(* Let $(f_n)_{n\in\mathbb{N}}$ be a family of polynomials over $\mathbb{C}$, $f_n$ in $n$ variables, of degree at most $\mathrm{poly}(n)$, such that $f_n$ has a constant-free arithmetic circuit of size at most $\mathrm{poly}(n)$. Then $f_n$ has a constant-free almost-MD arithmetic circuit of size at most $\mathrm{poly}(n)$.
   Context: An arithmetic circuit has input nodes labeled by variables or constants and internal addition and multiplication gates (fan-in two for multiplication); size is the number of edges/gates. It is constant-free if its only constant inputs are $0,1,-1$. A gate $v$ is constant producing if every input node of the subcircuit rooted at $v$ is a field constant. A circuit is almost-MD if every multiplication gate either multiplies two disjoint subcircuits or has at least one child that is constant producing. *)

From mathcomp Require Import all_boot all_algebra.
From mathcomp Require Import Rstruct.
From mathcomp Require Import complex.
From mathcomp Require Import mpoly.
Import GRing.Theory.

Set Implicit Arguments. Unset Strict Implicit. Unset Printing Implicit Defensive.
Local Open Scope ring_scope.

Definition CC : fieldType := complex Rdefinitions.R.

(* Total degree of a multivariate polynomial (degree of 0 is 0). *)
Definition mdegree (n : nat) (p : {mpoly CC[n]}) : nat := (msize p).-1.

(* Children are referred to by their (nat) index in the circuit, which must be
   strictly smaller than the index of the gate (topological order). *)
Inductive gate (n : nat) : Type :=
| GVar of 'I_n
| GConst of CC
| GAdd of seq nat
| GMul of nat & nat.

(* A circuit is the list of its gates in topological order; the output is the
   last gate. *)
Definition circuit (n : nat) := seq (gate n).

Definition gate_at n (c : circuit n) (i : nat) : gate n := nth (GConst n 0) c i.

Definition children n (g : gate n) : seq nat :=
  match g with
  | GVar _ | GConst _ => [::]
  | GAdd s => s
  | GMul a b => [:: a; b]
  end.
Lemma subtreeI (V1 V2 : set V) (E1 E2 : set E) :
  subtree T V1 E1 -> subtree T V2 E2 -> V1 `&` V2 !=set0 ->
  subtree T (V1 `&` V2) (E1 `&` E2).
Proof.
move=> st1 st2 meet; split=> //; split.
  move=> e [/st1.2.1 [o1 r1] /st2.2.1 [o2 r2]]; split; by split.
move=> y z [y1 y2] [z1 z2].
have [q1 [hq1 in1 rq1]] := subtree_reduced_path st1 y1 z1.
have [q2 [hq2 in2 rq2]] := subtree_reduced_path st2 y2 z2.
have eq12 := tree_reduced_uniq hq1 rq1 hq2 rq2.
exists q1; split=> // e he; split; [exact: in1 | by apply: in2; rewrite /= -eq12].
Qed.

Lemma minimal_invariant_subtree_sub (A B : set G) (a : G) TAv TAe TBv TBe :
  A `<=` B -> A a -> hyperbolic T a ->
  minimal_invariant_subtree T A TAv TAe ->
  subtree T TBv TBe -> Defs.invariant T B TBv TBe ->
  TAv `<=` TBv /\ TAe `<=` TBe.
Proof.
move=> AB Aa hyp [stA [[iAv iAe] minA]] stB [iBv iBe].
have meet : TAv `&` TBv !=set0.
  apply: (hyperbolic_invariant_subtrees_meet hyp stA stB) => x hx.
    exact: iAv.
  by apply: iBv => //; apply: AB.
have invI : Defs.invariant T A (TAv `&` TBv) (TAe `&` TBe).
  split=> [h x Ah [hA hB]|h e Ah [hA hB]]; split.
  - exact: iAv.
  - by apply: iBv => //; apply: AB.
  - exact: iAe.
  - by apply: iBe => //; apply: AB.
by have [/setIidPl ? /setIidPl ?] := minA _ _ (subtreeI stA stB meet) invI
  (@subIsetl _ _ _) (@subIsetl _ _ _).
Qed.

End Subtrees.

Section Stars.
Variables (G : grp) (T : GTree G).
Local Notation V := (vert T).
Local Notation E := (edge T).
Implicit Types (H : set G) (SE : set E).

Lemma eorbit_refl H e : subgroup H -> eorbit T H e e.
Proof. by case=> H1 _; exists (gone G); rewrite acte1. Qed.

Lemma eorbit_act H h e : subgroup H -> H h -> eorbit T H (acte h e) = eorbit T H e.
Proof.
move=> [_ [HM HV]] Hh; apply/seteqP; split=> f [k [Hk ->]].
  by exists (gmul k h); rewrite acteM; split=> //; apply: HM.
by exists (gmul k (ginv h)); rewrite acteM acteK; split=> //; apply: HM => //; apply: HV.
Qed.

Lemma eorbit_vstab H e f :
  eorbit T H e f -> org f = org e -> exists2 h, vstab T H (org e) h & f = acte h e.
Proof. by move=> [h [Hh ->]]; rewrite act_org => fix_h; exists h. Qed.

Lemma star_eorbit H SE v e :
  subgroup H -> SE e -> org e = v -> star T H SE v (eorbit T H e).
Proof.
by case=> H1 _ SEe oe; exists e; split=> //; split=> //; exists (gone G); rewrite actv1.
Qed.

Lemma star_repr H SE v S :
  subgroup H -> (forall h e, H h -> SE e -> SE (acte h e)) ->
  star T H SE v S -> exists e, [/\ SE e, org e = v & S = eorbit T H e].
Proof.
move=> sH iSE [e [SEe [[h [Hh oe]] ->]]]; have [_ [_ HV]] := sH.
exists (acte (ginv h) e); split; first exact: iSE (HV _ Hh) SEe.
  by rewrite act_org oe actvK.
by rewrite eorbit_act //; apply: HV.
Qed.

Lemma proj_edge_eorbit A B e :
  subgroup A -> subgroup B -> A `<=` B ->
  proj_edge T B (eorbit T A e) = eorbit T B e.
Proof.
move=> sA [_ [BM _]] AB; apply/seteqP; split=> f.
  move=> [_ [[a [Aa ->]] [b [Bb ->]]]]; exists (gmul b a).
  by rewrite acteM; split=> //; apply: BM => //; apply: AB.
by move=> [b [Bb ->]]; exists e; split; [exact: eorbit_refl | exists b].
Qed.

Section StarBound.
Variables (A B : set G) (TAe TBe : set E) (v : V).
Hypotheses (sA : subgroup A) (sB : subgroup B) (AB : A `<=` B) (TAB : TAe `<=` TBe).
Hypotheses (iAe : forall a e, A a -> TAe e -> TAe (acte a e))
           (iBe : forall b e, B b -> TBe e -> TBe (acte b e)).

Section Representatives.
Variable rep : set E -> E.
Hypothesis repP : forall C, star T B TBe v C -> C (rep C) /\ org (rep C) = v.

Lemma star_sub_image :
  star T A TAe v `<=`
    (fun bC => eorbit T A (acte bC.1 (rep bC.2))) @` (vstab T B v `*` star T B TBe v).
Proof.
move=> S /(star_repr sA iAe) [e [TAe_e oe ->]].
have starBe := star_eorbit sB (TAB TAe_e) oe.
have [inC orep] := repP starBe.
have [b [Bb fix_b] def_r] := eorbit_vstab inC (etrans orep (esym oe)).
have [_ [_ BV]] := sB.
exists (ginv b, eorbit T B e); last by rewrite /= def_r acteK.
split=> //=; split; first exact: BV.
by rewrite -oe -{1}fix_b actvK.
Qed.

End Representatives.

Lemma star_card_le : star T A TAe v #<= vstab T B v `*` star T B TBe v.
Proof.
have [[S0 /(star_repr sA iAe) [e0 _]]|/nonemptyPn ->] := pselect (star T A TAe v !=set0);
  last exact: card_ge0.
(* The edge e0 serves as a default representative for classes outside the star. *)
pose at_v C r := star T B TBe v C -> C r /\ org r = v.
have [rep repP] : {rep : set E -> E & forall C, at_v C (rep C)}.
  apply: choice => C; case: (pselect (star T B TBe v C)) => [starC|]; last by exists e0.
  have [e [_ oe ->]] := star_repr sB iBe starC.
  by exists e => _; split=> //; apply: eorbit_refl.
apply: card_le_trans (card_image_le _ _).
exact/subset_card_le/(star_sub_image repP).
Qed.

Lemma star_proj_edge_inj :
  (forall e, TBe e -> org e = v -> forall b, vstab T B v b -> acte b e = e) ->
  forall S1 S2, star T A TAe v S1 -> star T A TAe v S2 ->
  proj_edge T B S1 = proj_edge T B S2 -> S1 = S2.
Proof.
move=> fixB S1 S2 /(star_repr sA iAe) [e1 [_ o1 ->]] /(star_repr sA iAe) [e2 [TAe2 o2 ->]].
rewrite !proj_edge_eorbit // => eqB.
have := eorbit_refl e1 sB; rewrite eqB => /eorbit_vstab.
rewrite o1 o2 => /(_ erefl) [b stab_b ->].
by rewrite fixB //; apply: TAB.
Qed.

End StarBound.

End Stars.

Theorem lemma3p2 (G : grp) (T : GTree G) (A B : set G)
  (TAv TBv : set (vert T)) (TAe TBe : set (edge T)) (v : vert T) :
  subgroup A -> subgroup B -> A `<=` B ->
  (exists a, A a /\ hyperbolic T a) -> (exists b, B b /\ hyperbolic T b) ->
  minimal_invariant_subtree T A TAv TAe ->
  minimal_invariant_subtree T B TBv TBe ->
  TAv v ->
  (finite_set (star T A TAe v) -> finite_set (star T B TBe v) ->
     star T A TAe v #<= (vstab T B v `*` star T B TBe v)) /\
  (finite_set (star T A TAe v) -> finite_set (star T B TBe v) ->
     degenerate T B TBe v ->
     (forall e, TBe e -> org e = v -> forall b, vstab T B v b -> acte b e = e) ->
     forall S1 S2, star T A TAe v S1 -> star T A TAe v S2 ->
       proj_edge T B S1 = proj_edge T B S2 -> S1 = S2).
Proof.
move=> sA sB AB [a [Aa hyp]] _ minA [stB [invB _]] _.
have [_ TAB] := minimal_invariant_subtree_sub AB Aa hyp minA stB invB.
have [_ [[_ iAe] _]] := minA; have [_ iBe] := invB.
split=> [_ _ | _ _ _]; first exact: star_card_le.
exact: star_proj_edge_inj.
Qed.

##########

## [ASSIGNED TASK]
Take the lines from the first line of the listing to the line containing "subtree T V1". Please print them exactly, ends included, with nothing else.

## [EXERCISE RESULT]
(* Let $(f_n)_{n\in\mathbb{N}}$ be a family of polynomials over $\mathbb{C}$, $f_n$ in $n$ variables, of degree at most $\mathrm{poly}(n)$, such that $f_n$ has a constant-free arithmetic circuit of size at most $\mathrm{poly}(n)$. Then $f_n$ has a constant-free almost-MD arithmetic circuit of size at most $\mathrm{poly}(n)$.
   Context: An arithmetic circuit has input nodes labeled by variables or constants and internal addition and multiplication gates (fan-in two for multiplication); size is the number of edges/gates. It is constant-free if its only constant inputs are $0,1,-1$. A gate $v$ is constant producing if every input node of the subcircuit rooted at $v$ is a field constant. A circuit is almost-MD if every multiplication gate either multiplies two disjoint subcircuits or has at least one child that is constant producing. *)

From mathcomp Require Import all_boot all_algebra.
From mathcomp Require Import Rstruct.
From mathcomp Require Import complex.
From mathcomp Require Import mpoly.
Import GRing.Theory.

Set Implicit Arguments. Unset Strict Implicit. Unset Printing Implicit Defensive.
Local Open Scope ring_scope.

Definition CC : fieldType := complex Rdefinitions.R.

(* Total degree of a multivariate polynomial (degree of 0 is 0). *)
Definition mdegree (n : nat) (p : {mpoly CC[n]}) : nat := (msize p).-1.

(* Children are referred to by their (nat) index in the circuit, which must be
   strictly smaller than the index of the gate (topological order). *)
Inductive gate (n : nat) : Type :=
| GVar of 'I_n
| GConst of CC
| GAdd of seq nat
| GMul of nat & nat.

(* A circuit is the list of its gates in topological order; the output is the
   last gate. *)
Definition circuit (n : nat) := seq (gate n).

Definition gate_at n (c : circuit n) (i : nat) : gate n := nth (GConst n 0) c i.

Definition children n (g : gate n) : seq nat :=
  match g with
  | GVar _ | GConst _ => [::]
  | GAdd s => s
  | GMul a b => [:: a; b]
  end.
Lemma subtreeI (V1 V2 : set V) (E1 E2 : set E) :
  subtree T V1 E1 -> subtree T V2 E2 -> V1 `&` V2 !=set0 ->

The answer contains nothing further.